I got a cup of thin chicken soup that was mostly broth with just a few noodles floating in it. It was absolutely perfect and the best chicken soup I have ever eaten in my life! I sat down on a stump to rest my legs a bit while I enjoyed it, then had my pack filled and grabbed a potato for the road.

The first couple of miles back from the turnaround are pretty much a constant climb. It's relatively gradual, but I had determined that, for me, it made sense to just walk it as quickly as possible rather than wear myself out trying to run it - actually Luana's plan I'd heard her explain earlier, and it sounded good to me.

Shortly after leaving the aid station I passed Luana and Randy heading in. Had congrats for both and a high-five for Randy. He would drop at the aid station, but had made a heck of a gutsy effort. His training had fallen apart over the summer and he'd started coming down with a chest cold the week of the race. Even covering the course one-way took guts and stubbornness!

Walking proved to be a good strategy - at least in the short term. One guy passed me, attacking this climb on the run, and then I caught him at the top, totally winded, and passed him back. Turns out he recovered well and soon passed me again though.

This was the section where I rediscovered that even though everything hurts you can still make yourself run. You reach that point in every ultra - it's just a matter of where it happens.

The barking dog was still barking - and getting raspier. I pretty much just zoned out from there, kept moving and before long was trudging up the final rise back to Rock Pile.

Back at Rock Pile - Mountain Dew, please!

Rock Pile to Lift House 5 (mile 36.3)


Karen was still there, happy to see me as always, and ready to hand me my chocolate milk.

I'd learned the value of chocolate milk back in the spring at Mind the Ducks. Lots of runners consider it a perfect recovery drink, but when you're working for hours you need the same mix of protein and fat with your carbs sooner than after the race. Anyway I do.

I'd also taken to sitting down for just a couple of minutes at each aid station. I know 'beware the chair' is standard ultrarunning advice, but I find that even just a couple of minutes off my feet while I consume some calories can work wonders for my general feeling of well being and attitude toward going on.

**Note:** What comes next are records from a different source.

(* Let $K$ be a field of characteristic $0$, $e\ge 2$, $A,B,C\in M_e(K)$ and $d_1,d_2\in(\mathbb{Z}/e\mathbb{Z})^\times$. Then \[ A\overset{d_1}{\ast}(B\overset{d_2}{\ast}C)=(A\overset{-d_2^{-1}d_1}{\ast}B)\overset{d_2}{\ast}C. \] In particular $A\overset{d_1}{\ast}(B\overset{-1}{\ast}C)=(A\overset{d_1}{\ast}B)\overset{-1}{\ast}C$, and hence the $(-1)$-composition $\overset{-1}{\ast}$ is associative.
   Context: For $A=[a_{i,j}],B=[b_{i,j}]\in M_e(K)$ (indices modulo $e$) and $d\in(\mathbb{Z}/e\mathbb{Z})\setminus\{0\}$, the $d$-composition is $A\overset{d}{\ast}B=\big[\sum_{s=0}^{e-1}\sum_{t=0}^{e-1}a_{s,t}b_{ds+i,dt+j}\big]_{0\le i,j\le e-1}$. *)

From HB Require Import structures.
From mathcomp Require Import all_boot all_order all_algebra.
Set Implicit Arguments. Unset Strict Implicit. Unset Printing Implicit Defensive.
Import GRing.Theory.
Local Open Scope ring_scope.

(* For i : 'I_e and a natural k, [idx i k] is the ordinal (k %% e) : 'I_e
   (the default i is never used since k %% e < e as e > 0 whenever 'I_e
   is inhabited). *)
Definition idx (e : nat) (i : 'I_e) (k : nat) : 'I_e := insubd i (k %% e)%N.

(* d-composition: (A *_d B)_{i,j} = sum_{s,t} a_{s,t} b_{ds+i, dt+j},
   indices modulo e; d is given by a natural representative. *)
Definition dcomp (K : pzRingType) (e : nat) (d : nat) (A B : 'M[K]_e) : 'M[K]_e :=
  \matrix_(i < e, j < e)
     \sum_(s < e) \sum_(t < e) A s t * B (idx i (d * s + i)) (idx j (d * t + j)).

From HB Require Import structures.
From mathcomp Require Import all_boot all_order all_algebra zify.
Import GRing.Theory.
Local Open Scope ring_scope.

(* Expanding both sides gives the same quadruple sum over (s, t, u, v) once the
   inner summation indices of the right-hand side are shifted by d s and d t;
   the indices of C then agree modulo e as soon as d2 d + d1 = 0 mod e.
   Over Z/eZ with d2 a unit this holds for d = - d2^-1 d1, and d2 = -1 gives
   d = d1. The identity holds over any ring: neither the characteristic of K
   nor the invertibility of d1 plays a role. *)

Lemma val_idx e (i : 'I_e) k : val (idx i k) = (k %% e)%N.
Proof. by rewrite /idx val_insubd ltn_mod (leq_ltn_trans _ (ltn_ord i)). Qed.

Lemma eq_idx_mod e (i i' : 'I_e) k1 k2 :
  (k1 = k2 %[mod e])%N -> idx i k1 = idx i' k2.
Proof. by move=> eq_k; apply: val_inj; rewrite !val_idx. Qed.

Lemma idx_shift_inj e c : injective (fun u : 'I_e => idx u (c + u)).
Proof.
move=> u v /(congr1 val); rewrite !val_idx => /eqP; rewrite eqn_modDl => /eqP.
by rewrite !modn_small // => /val_inj.
Qed.

Lemma exchange_big22 (R : nmodType) (I J : finType) (F : I -> I -> J -> J -> R) :
  \sum_(u : I) \sum_(v : I) \sum_(s : J) \sum_(t : J) F u v s t =
  \sum_(s : J) \sum_(t : J) \sum_(u : I) \sum_(v : I) F u v s t.
Proof.
under eq_bigr do rewrite exchange_big.
rewrite exchange_big.
under eq_bigr do under eq_bigr do rewrite exchange_big.
by under eq_bigr do rewrite exchange_big.
Qed.

Lemma dcompA_index_mod e (d1 d2 d s u i : nat) :
  (d2 * d + d1 = 0 %[mod e])%N ->
  (d2 * ((d * s + u) %% e) + (d1 * s + i) %% e = d2 * u + i %[mod e])%N.
Proof.
move=> d_eq; rewrite modnDmr -modnDml modnMmr modnDml.
have -> : (d2 * (d * s + u) + (d1 * s + i) = (d2 * d + d1) * s + (d2 * u + i))%N.
  by rewrite !mulnDr !mulnDl !mulnA; lia.
by rewrite -modnDml -modnMml d_eq mod0n mul0n mod0n add0n.
Qed.

Lemma dcompA_nat (K : pzRingType) e (d1 d2 d : nat) (A B C : 'M[K]_e) :
  (d2 * d + d1 = 0 %[mod e])%N ->
  dcomp d1 A (dcomp d2 B C) = dcomp d2 (dcomp d A B) C.
Proof.
move=> d_eq; apply/matrixP => i j; rewrite !mxE.
under eq_bigr do under eq_bigr do rewrite mxE big_distrr /=.
under [RHS]eq_bigr do under eq_bigr do rewrite mxE big_distrl /=.
under [RHS]eq_bigr do under eq_bigr do under eq_bigr do rewrite big_distrl /=.
rewrite exchange_big22; apply: eq_bigr => s _; apply: eq_bigr => t _.
rewrite (reindex_inj (@idx_shift_inj e (d * s))); apply: eq_bigr => u _.
rewrite mulr_sumr (reindex_inj (@idx_shift_inj e (d * t))); apply: eq_bigr => v _.
rewrite -mulrA; congr (_ * (_ * C _ _)); apply: eq_idx_mod.
  by rewrite !val_idx dcompA_index_mod.
by rewrite !val_idx dcompA_index_mod.
Qed.

Lemma dcompA_Zp (K : pzRingType) n (d1 d2 : 'Z_n) (A B C : 'M[K]_n) :
  (1 < n)%N -> d2 \is a GRing.unit ->
  dcomp d1 A (dcomp d2 B C) = dcomp d2 (dcomp (- (d2^-1 * d1)) A B) C.
Proof.
case: n d1 d2 A B C => [|[|n]] // d1 d2 A B C _ d2_unit; apply: dcompA_nat.
have d_eq : d2 * - (d2^-1 * d1) + d1 = 0.
  by rewrite mulrN mulrA mulrV // mul1r addNr.
by rewrite -modnDml; exact: (congr1 val d_eq).
Qed.

Lemma dcompA_N1 (K : pzRingType) n (d : 'Z_n) (A B C : 'M[K]_n) :
  (1 < n)%N ->
  dcomp d A (dcomp ((-1)%R : 'Z_n) B C) = dcomp ((-1)%R : 'Z_n) (dcomp d A B) C.
Proof.
by move=> n_gt1; rewrite dcompA_Zp ?unitrN1 // invrN1 mulN1r opprK.
Qed.

Theorem proposition3p4 (K : fieldType) (e : nat) (he : (2 <= e)%N)
  (hchar : [pchar K] =i pred0)
  (A B C : 'M[K]_e) (d1 d2 : 'Z_e)
  (hd1 : d1 \is a GRing.unit) (hd2 : d2 \is a GRing.unit) :
  [/\ dcomp d1 A (dcomp d2 B C) = dcomp d2 (dcomp ((- (d2^-1 * d1))%R : 'Z_e) A B) C,
      dcomp d1 A (dcomp ((-1)%R : 'Z_e) B C) = dcomp ((-1)%R : 'Z_e) (dcomp d1 A B) C
    & forall X Y Z : 'M[K]_e,
        dcomp ((-1)%R : 'Z_e) X (dcomp ((-1)%R : 'Z_e) Y Z)
        = dcomp ((-1)%R : 'Z_e) (dcomp ((-1)%R : 'Z_e) X Y) Z].
Proof.
split; [exact: dcompA_Zp | exact: dcompA_N1 |].
by move=> X Y Z; apply: dcompA_N1.
Qed.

After I'd had as much of the milk as I felt my stomach could handle, I pretty quickly reminded myself that I wasn't going to get this done by sitting here, so I heaved myself up, gave Karen the traditional aid station departure 'smootz' and started on down the hill.

The return from Rock Pile toward Lift House 5, after a short downhill section, was a climb very much like the climb out of Daisy Hollow - long and gradual. I took the same approach, walking much of it, running when I could. It was mostly just more zoning out and relentless forward progress.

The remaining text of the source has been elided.